From the line that includes "- exact: proj_cover_unique (is_umod_V0" to the last line of the data, quote each line precisely; both boundary lines belong in the answer.

MATERIAL FOR THIS TASK Start Marker

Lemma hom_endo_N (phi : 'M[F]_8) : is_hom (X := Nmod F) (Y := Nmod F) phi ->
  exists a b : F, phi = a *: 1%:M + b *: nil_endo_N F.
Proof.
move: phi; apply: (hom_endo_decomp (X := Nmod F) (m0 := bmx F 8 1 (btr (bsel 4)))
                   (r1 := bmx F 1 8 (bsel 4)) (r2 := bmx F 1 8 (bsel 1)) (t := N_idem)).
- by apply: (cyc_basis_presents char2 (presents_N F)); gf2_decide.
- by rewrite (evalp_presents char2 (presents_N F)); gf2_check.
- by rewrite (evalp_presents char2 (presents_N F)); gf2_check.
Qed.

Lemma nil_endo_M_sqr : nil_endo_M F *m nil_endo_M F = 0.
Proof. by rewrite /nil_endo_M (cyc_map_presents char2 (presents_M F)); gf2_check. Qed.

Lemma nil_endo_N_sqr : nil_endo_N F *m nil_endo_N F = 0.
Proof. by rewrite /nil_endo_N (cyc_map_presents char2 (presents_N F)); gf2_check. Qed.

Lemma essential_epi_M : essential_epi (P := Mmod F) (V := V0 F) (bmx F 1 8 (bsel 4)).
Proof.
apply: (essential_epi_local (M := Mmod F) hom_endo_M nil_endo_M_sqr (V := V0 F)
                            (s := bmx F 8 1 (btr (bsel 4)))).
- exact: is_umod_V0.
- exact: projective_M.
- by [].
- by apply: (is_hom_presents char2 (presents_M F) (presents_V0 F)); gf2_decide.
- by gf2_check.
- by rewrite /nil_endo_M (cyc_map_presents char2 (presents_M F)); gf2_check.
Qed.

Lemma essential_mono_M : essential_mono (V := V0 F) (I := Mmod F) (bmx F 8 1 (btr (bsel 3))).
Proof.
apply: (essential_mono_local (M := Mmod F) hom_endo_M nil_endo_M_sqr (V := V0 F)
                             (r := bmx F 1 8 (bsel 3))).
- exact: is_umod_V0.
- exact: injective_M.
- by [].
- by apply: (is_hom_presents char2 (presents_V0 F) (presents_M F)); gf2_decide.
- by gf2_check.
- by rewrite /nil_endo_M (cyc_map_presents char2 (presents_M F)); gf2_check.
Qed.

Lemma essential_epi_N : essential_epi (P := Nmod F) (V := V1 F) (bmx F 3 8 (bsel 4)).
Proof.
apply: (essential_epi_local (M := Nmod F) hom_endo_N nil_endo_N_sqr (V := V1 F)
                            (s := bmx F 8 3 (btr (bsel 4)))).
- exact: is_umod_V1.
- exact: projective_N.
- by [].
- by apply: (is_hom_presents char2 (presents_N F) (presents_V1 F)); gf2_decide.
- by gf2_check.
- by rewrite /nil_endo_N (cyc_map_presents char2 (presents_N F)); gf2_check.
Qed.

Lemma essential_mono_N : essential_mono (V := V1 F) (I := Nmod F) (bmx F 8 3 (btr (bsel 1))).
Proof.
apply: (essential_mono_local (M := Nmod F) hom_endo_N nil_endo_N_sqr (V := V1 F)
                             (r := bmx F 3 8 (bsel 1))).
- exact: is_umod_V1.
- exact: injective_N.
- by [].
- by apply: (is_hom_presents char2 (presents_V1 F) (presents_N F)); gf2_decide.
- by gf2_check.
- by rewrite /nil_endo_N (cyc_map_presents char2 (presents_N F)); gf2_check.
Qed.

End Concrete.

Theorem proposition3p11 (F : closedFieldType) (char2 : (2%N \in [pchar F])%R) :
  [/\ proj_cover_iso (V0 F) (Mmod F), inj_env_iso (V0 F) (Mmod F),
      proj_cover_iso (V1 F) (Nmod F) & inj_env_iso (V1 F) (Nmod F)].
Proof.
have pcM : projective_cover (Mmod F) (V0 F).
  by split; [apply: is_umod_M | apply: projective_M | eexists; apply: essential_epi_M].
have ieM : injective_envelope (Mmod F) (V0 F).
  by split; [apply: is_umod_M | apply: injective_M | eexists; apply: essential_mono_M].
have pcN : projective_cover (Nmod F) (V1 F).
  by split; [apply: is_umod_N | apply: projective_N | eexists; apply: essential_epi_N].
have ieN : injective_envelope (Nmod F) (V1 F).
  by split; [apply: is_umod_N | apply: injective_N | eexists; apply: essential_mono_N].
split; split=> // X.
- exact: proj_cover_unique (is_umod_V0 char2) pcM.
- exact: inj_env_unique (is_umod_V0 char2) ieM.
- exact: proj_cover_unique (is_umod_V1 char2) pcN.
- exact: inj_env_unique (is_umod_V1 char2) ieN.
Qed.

MATERIAL FOR THIS TASK End Marker

RESPONSE AREA
- exact: proj_cover_unique (is_umod_V0 char2) pcM.
- exact: inj_env_unique (is_umod_V0 char2) ieM.
- exact: proj_cover_unique (is_umod_V1 char2) pcN.
- exact: inj_env_unique (is_umod_V1 char2) ieN.
Qed.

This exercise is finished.